Featured on the Show:

  • If you have questions about this episode or would like a 1:1 session with me, send me an email [email protected].
  • If you want to deepen this experience, we are doing another Therapeutic Yoga Intensive for health professionals this Saturday. Click here or email us for more information.

Full Episode Transcript:

Male Announcer: You’re listening to From Pain to Possibility with Susi Hately. You will hear Susi’s best ideas on how to reduce or even eradicate your pain and learn how to listen to your body when it whispers so you don’t have to hear it scream. And now here’s your host, Susi Hately.

With this episode I want to dig into the act of listening, really the art of listening. Listening is such a powerful, powerful tool. And in many ways, it's so simple. And yet it's something that I think a lot of people in the yoga and in the healthcare world overdo and we lose the juice of it in the attempt to get it right.

A few weeks ago I led an incredible, probably the very best therapeutic yoga intensive I have ever led. And inside of that intensive there were some really profound experiences in the listening exercise that I run inside of the intensive.

Now this is not a new exercise, I've done this over a period of time. But the way that the community of people were in the program and then how they then kind of took in this part of the week really shifted a lot of people and the way a lot of people looked at healing relationships and what they were going to go do next when they went back to their practices.

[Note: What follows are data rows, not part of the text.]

Definition wle (u w : wo W) := wlt u w \/ u = w.
Definition is_min (w : wo W) := forall v, ~ wlt v w.
Definition is_pred (v w : wo W) := wlt v w /\ forall u, wlt u w -> u = v \/ wlt u v.
Definition is_limit (w : wo W) :=
  (exists v, wlt v w) /\ forall v, wlt v w -> exists u, wlt v u /\ wlt u w.
Definition two_le (v : wo W) := exists u1 u2, wlt u1 u2 /\ wlt u2 v.

Lemma wlt_asym u v : wlt u v -> ~ wlt v u.
Proof. intros H H'. exact (wlt_irrefl W u (wlt_trans W _ _ _ H H')). Qed.

Lemma wlt_wle_trans x y z : wlt x y -> wle y z -> wlt x z.
Proof. intros H [H'|<-]; [exact (wlt_trans W _ _ _ H H')|exact H]. Qed.

Lemma wlt_not_wle u w : wlt u w -> ~ wle w u.
Proof. intros H [H'|<-]; [exact (wlt_asym _ _ H H')|exact (wlt_irrefl W _ H)]. Qed.

Lemma min_wle w c : is_min w -> wle w c.
Proof.
  intro H. destruct (wlt_total W w c) as [E|[E|E]]; [left|right|]; auto.
  exfalso; exact (H c E).
Qed.

Lemma min_pred_limit w : is_min w \/ (exists v, is_pred v w) \/ is_limit w.
Proof.
  destruct (classic (exists v, wlt v w)) as [[v0 Hv0]|Hn].
  - destruct (classic (exists v, is_pred v w)) as [Hp|Hnp]; [tauto|].
    right; right. split; [eauto|].
    intros v Hv. apply NNPP. intro Hno. apply Hnp. exists v. split; auto.
    intros u Hu. destruct (wlt_total W u v) as [H1|[H1|H1]]; auto.
    exfalso; eauto.
  - left. intros v Hv; eauto.
Qed.

(* [le_plus b k w] says w <= b + k, where [None] stands for the ordinal 0. *)
Fixpoint le_plus (b : option (wo W)) (k : nat) (w : wo W) : Prop :=
  match k with
  | 0 => match b with Some c => wle w c | None => is_min w end
  | S k => forall u, wlt u w -> le_plus b k u
  end.

Lemma le_plus_down b k w x : le_plus b k w -> wlt x w -> le_plus b k x.
Proof.
  destruct k as [|k]; simpl; intros H Hx.
  - destruct b as [c|].
    + left. exact (wlt_wle_trans _ _ _ Hx H).
    + exfalso. exact (H x Hx).
  - intros u Hu. exact (H u (wlt_trans W _ _ _ Hu Hx)).
Qed.

Lemma le_plus_min b k w : is_min w -> le_plus b k w.
Proof.
  intro H. destruct k as [|k]; simpl.
  - destruct b as [c|]; [apply min_wle|]; exact H.
  - intros u Hu. exfalso. exact (H u Hu).
Qed.

Lemma le_plus_limit b k w : is_limit w -> (forall v, wlt v w -> le_plus b k v) -> le_plus b k w.
Proof.
  intros [[v0 Hv0] Hl] H. destruct k as [|k]; simpl.
  - destruct (Hl v0 Hv0) as [u [Hu1 Hu2]].
    destruct b as [c|].
    + destruct (wlt_total W w c) as [E|[E|E]]; [left; auto|right; auto|].
      destruct (Hl c E) as [u' [Hu1' Hu2']].
      exfalso. exact (wlt_not_wle _ _ Hu1' (H u' Hu2')).
    + exfalso. exact (H u Hu2 v0 Hu1).
  - intros x Hx. destruct (Hl x Hx) as [u [Hu1 Hu2]]. exact (H u Hu2 x Hu1).
Qed.

Lemma le_plus_succ b k v w : le_plus b k v -> is_pred v w -> le_plus b (S k) w.
Proof.
  intros H [_ Hp] u Hu. destruct (Hp u Hu) as [<-|E]; [exact H|].
  exact (le_plus_down _ _ _ _ H E).
Qed.

Lemma le_plus_mono b k k' w : k <= k' -> le_plus b k w -> le_plus b k' w.
Proof.
  induction 1 as [|k' _ IH]; [easy|].
  intros H u Hu. exact (le_plus_down _ _ _ _ (IH H) Hu).
Qed.

Lemma le_plus_zero_base u k w : le_plus None k w -> le_plus (Some u) k w.
Proof.
  revert w. induction k as [|k IH]; simpl; intros w H.
  - exact (min_wle _ _ H).
  - intros x Hx. exact (IH x (H x Hx)).
Qed.

(* u < c gives u + 1 <= c, hence u + (1 + k) <= c + k. *)
Lemma le_plus_lt_base u c k w : wlt u c -> le_plus (Some u) (S k) w -> le_plus (Some c) k w.
Proof.
  intro Huc. revert w. induction k as [|k IH]; intros w H.
  - simpl in *. destruct (wlt_total W w c) as [E|[E|E]]; [left|right|]; auto.
    exfalso. exact (wlt_not_wle _ _ Huc (H c E)).
  - intros x Hx. exact (IH x (H x Hx)).
Qed.

Lemma le_plus_pred_lt_base u c k v w :
  wlt u c -> le_plus (Some u) k v -> is_pred v w -> le_plus (Some c) k w.
Proof.
  intros Huc H Hp. apply (le_plus_lt_base u); [exact Huc|]. exact (le_plus_succ _ _ _ _ H Hp).
Qed.

Lemma le_plus_pred_two_le c k v w :
  two_le c -> le_plus None (S k) v -> is_pred v w -> le_plus (Some c) k w.
Proof.
  intros [u1 [u2 [H12 H2c]]] H Hp.
  apply (le_plus_pred_lt_base u2 c k v w H2c); [|exact Hp].
  apply (le_plus_lt_base u1); [exact H12|]. exact (le_plus_zero_base _ _ _ H).
Qed.

Lemma le_plus_one v : ~ two_le v -> le_plus None 1 v.
Proof. intros Hn x Hx y Hy. apply Hn. exists y, x. auto. Qed.

End Ordinals.

Lemma rkge_unfold (X : tournament) (W : wellorder) (w : wo W) (F : list (tv X)) :
  rkge X W w F <-> rkge_body X W w (fun v _ => rkge X W v) F.
Proof.
  unfold rkge at 1. rewrite Fix_eq; [reflexivity|].
  intros x f g H.
  replace f with g; [reflexivity|].
  apply functional_extensionality_dep; intro y.
  apply functional_extensionality_dep; intro p. symmetry; apply H.
Qed.

Section RankBounds.
Variable X : tournament.
Variable W : wellorder.

(* Prime extensions of F are described by one-point types: predicates t
   telling which vertices of F the new vertex beats. *)
Definition realizes (F : list (tv X)) (t : tv X -> Prop) (x : tv X) :=
  ~ In x F /\ forall y, In y F -> (tarr X x y <-> t y).

Definition same_set (F G : list (tv X)) := forall y, In y F <-> In y G.

Fixpoint members (F : list (tv X)) : list {y : tv X | In y F} :=
  match F as F0 return list {y : tv X | In y F0} with
  | [] => []
  | y :: F' => exist (fun z => In z (y :: F')) y (or_introl eq_refl)
       :: map (fun s : {z : tv X | In z F'} =>
                 exist (fun z => In z (y :: F')) (proj1_sig s) (or_intror (proj2_sig s)))
              (members F')
  end.

Lemma members_complete F (s : {y : tv X | In y F}) : In s (members F).
Proof.
  induction F as [|y F IH]; destruct s as [z h]; simpl in *.
  - destruct h.
  - destruct h as [<-|h].
    + left; reflexivity.
    + right. apply in_map_iff. exists (exist _ z h). split; auto.
Qed.

Section TypeExtension.
Variable F : list (tv X).
Variable t : tv X -> Prop.

Definition type_ext_arr (b b' : option {y : tv X | In y F}) : Prop :=
  match b, b' with
  | None, None => False
  | None, Some y => t (proj1_sig y)
  | Some y, None => ~ t (proj1_sig y)
  | Some y, Some y' => tarr X (proj1_sig y) (proj1_sig y')
  end.

Lemma type_ext_arr_asym u v : type_ext_arr u v -> ~ type_ext_arr v u.
Proof. destruct u as [u|], v as [v|]; simpl; auto. apply tarr_asym. Qed.

Lemma type_ext_arr_total u v : u <> v -> type_ext_arr u v \/ type_ext_arr v u.
Proof.
  destruct u as [[u hu]|], v as [[v hv]|]; simpl; intro Hne.
  - apply tarr_total. intros <-. apply Hne. rewrite (proof_irrelevance _ hu hv). reflexivity.
  - destruct (classic (t u)); tauto.
  - destruct (classic (t v)); tauto.
  - contradiction.
Qed.

Definition type_ext : tournament :=
  Tournament (option {y : tv X | In y F}) type_ext_arr type_ext_arr_asym type_ext_arr_total.

Definition type_ext_emb (y : tv X) : tv type_ext :=
  match excluded_middle_informative (In y F) with
  | left h => Some (exist _ y h)
  | right _ => None
  end.

Lemma type_ext_emb_in y (h : In y F) : type_ext_emb y = Some (exist _ y h).
Proof.
  unfold type_ext_emb.
  destruct (excluded_middle_informative (In y F)) as [h'|h']; [|contradiction].
  do 2 f_equal; apply proof_irrelevance.
Qed.

Lemma type_ext_prime : is_prime_ext X F type_ext type_ext_emb.
Proof.
  split; [|split; [|split]].
  - exists (None :: map Some (members F)). intros [b|]; simpl; auto.
    right. apply in_map. apply members_complete.
  - intros x y hx hy E. rewrite (type_ext_emb_in x hx), (type_ext_emb_in y hy) in E.
    injection E; auto.
  - intros x y hx hy. rewrite (type_ext_emb_in x hx), (type_ext_emb_in y hy). reflexivity.
  - exists None. split.
    + intros x hx. rewrite (type_ext_emb_in x hx). discriminate.
    + intros [[y h]|] Hb; [|contradiction].
      exists y. split; [exact h|]. apply type_ext_emb_in.
Qed.

Lemma realization_realizes P :
  realized_with X F type_ext type_ext_emb P ->
  exists x C, realizes F t x /\ same_set C (x :: F) /\ P C.
Proof.
  intros [g [ginj [giso [gfix [C [HC HP]]]]]].
  exists (g None), C. split; [split|split; [|exact HP]].
  - intro hx. assert (E : g (type_ext_emb (g None)) = g None) by (apply gfix; exact hx).
    apply ginj in E. rewrite (type_ext_emb_in _ hx) in E. discriminate.
  - intros y hy. rewrite <- (gfix y hy) at 1. rewrite <- giso, (type_ext_emb_in y hy).
    reflexivity.
  - intro y. rewrite HC. split.
    + intros [[[z hz]|] <-]; [right|left; reflexivity].
      rewrite <- (type_ext_emb_in z hz), (gfix z hz). exact hz.
    + intros [<-|hy]; [exists None; reflexivity|].
      exists (type_ext_emb y). apply gfix; exact hy.
Qed.
End TypeExtension.

Section Upper.
Variable Up : wo W -> list (tv X) -> Prop.
Hypothesis Up_same_set : forall w F G, same_set F G -> Up w F -> Up w G.
Hypothesis Up_min : forall w F, is_min W w -> Up w F.
Hypothesis Up_limit : forall w F, is_limit W w -> (forall v, wlt W v w -> Up v F) -> Up w F.
Hypothesis Up_step : forall F, exists t : tv X -> Prop,
  forall w v x, is_pred W v w -> realizes F t x -> Up v (x :: F) -> Up w F.

Lemma rkge_upper_bound w F : rkge X W w F -> Up w F.
Proof.
  revert F. induction w as [w IH] using (well_founded_ind (wlt_wf W)).
  intros F H. apply rkge_unfold in H.
  destruct H as [H|[[v [h [Hpred H]]]|[Hex [Hl H]]]].
  - exact (Up_min w F H).
  - destruct (Up_step F) as [t Ht].
    destruct (realization_realizes F t _ (H _ _ (type_ext_prime F t)))
      as [x [C [Hx [HC HrkC]]]].
    apply (Ht w v x); [split; assumption|exact Hx|].
    exact (Up_same_set v C _ HC (IH v h C HrkC)).
  - apply Up_limit; [split; assumption|]. intros v h. exact (IH v h F (H v h)).
Qed.
End Upper.

(* The realization of a prime extension (B, e) obtained by sending its new
   vertex b0 to a realizer x of the type of b0. *)
Section Realization.
Variables (F : list (tv X)) (B : tournament) (e : tv X -> tv B) (b0 : tv B) (x : tv X).
Hypothesis e_inj : forall y z, In y F -> In z F -> e y = e z -> y = z.
Hypothesis e_arr : forall y z, In y F -> In z F -> (tarr X y z <-> tarr B (e y) (e z)).
Hypothesis e_new : forall y, In y F -> e y <> b0.
Hypothesis e_onto : forall b, b <> b0 -> exists y, In y F /\ e y = b.
Hypothesis x_realizes : realizes F (fun y => tarr B b0 (e y)) x.

Definition realizing_map (b : tv B) : tv X :=
  match excluded_middle_informative (b = b0) with
  | left _ => x
  | right hb => proj1_sig (constructive_indefinite_description _ (e_onto b hb))
  end.

Lemma realizing_map_new : realizing_map b0 = x.
Proof. unfold realizing_map. destruct (excluded_middle_informative (b0 = b0)); easy. Qed.

Lemma realizing_map_old b : b <> b0 -> In (realizing_map b) F /\ e (realizing_map b) = b.
Proof.
  intro hb. unfold realizing_map.
  destruct (excluded_middle_informative (b = b0)); [contradiction|]. apply proj2_sig.
Qed.

Lemma realizing_map_fix y : In y F -> realizing_map (e y) = y.
Proof.
  intro hy. destruct (realizing_map_old (e y) (e_new y hy)) as [h1 h2]. apply e_inj; auto.
Qed.

Lemma realizing_map_new_arr b : b <> b0 ->
  (tarr B b0 b <-> tarr X x (realizing_map b)) /\ (tarr B b b0 <-> tarr X (realizing_map b) x).
Proof.
  intro hb. destruct x_realizes as [xF xt].
  destruct (realizing_map_old b hb) as [h1 h2].
  assert (hx : realizing_map b <> x) by (intros E; apply xF; rewrite <- E; exact h1).
  rewrite (xt _ h1), h2. split; [reflexivity|]. split; intro H.
  - destruct (tarr_total X x (realizing_map b) (not_eq_sym hx)) as [H'|H']; [|exact H'].
    rewrite (xt _ h1), h2 in H'. exfalso. exact (tarr_asym B _ _ H H').
  - destruct (tarr_total B b b0 hb) as [H'|H']; [exact H'|].
    exfalso. apply (tarr_asym X _ _ H). rewrite (xt _ h1), h2. exact H'.
Qed.

Lemma realized_by_realizer (P : list (tv X) -> Prop) :
  P (x :: F) -> realized_with X F B e P.
Proof.
  intro HP. destruct x_realizes as [xF _].
  exists realizing_map. split; [|split; [|split]].
  - intros b b' E.
    destruct (classic (b = b0)) as [->|E1]; destruct (classic (b' = b0)) as [->|E2];
      [reflexivity| | |].
    + exfalso. apply xF. rewrite realizing_map_new in E. rewrite E.
      apply realizing_map_old; exact E2.
    + exfalso. apply xF. rewrite realizing_map_new in E. rewrite <- E.
      apply realizing_map_old; exact E1.
    + rewrite <- (proj2 (realizing_map_old b E1)), <- (proj2 (realizing_map_old b' E2)), E.
      reflexivity.
  - intros b b'.
    destruct (classic (b = b0)) as [->|E1]; destruct (classic (b' = b0)) as [->|E2];
      rewrite ?realizing_map_new.
    + split; intro H; exfalso; [exact (tarr_asym B _ _ H H)|exact (tarr_asym X _ _ H H)].
    + apply realizing_map_new_arr; exact E2.
    + apply realizing_map_new_arr; exact E1.
    + destruct (realizing_map_old b E1) as [h1 h2], (realizing_map_old b' E2) as [h1' h2'].
      rewrite <- h2 at 1. rewrite <- h2' at 1. symmetry. apply e_arr; assumption.
  - exact realizing_map_fix.
  - exists (x :: F). split; [|exact HP]. intro y. split.
    + intros [<-|hy]; [exists b0; apply realizing_map_new|].
      exists (e y). apply realizing_map_fix; exact hy.
    + intros [b <-]. destruct (classic (b = b0)) as [->|E1].
      * left. symmetry. apply realizing_map_new.
      * right. apply realizing_map_old; exact E1.
Qed.
End Realization.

So here's how the exercise goes. I call it listening to the story and it's my take on taking a history with a twist. We simply do this, there's a person in a pair that's a client and a person that's the teacher, and it's role playing. The person who's the client fills in a body diagram with all the areas of their body that are sore, or tight, or things they want to work on. It's like a pretend consult.

And then they set whether it's, in this case it was over Zoom, which made that experience even more powerful to show how powerful you could do listening on an online platform. But the client would sit there and talk for five minutes about the story of what was on their body diagram. The job of the teacher was to simply listen.

Now I added in a few things just to sweeten this process. And they were as follows. The teacher was not permitted to ask clarifying questions. They weren't permitted to interrupt, or nod their head, or say uh-huh, or any other type of thing that they might do behaviorally to insinuate that they were listening. They simply had to listen. This is really powerful.

What ended up happening is that a lot of people who had been trained in listening had some really like blow their mind moments. Like love bomb blow up moments of challenging them in a way that was profoundly impactful for their soul. In that they were trained that they needed to have their client feel validated.

And in not nodding, in not asking clarifying questions, in not saying, “What I hear you saying is this...” By not doing any of that stuff they were left with this like, how do I know the person knows? How do you know that the client knows that they're being listened to if I can't do any of that stuff?

And there was a moment of like, “How do I know I'm doing this right?” Which where I hearken back at the beginning of the episode where I said, “So many people make listening an overdone process.” How I responded to that question was this, I shared a story of the first time I went to a meditation retreat.

The meditation retreat was based on a dyad format and I believe it was either four or five days. And over the course of this four or five days we ran 13 sessions per day in dyads. Where there was a partnership and one person said to the other, “Tell me who you are.” The person would sit quietly, and then they would respond with whatever came up.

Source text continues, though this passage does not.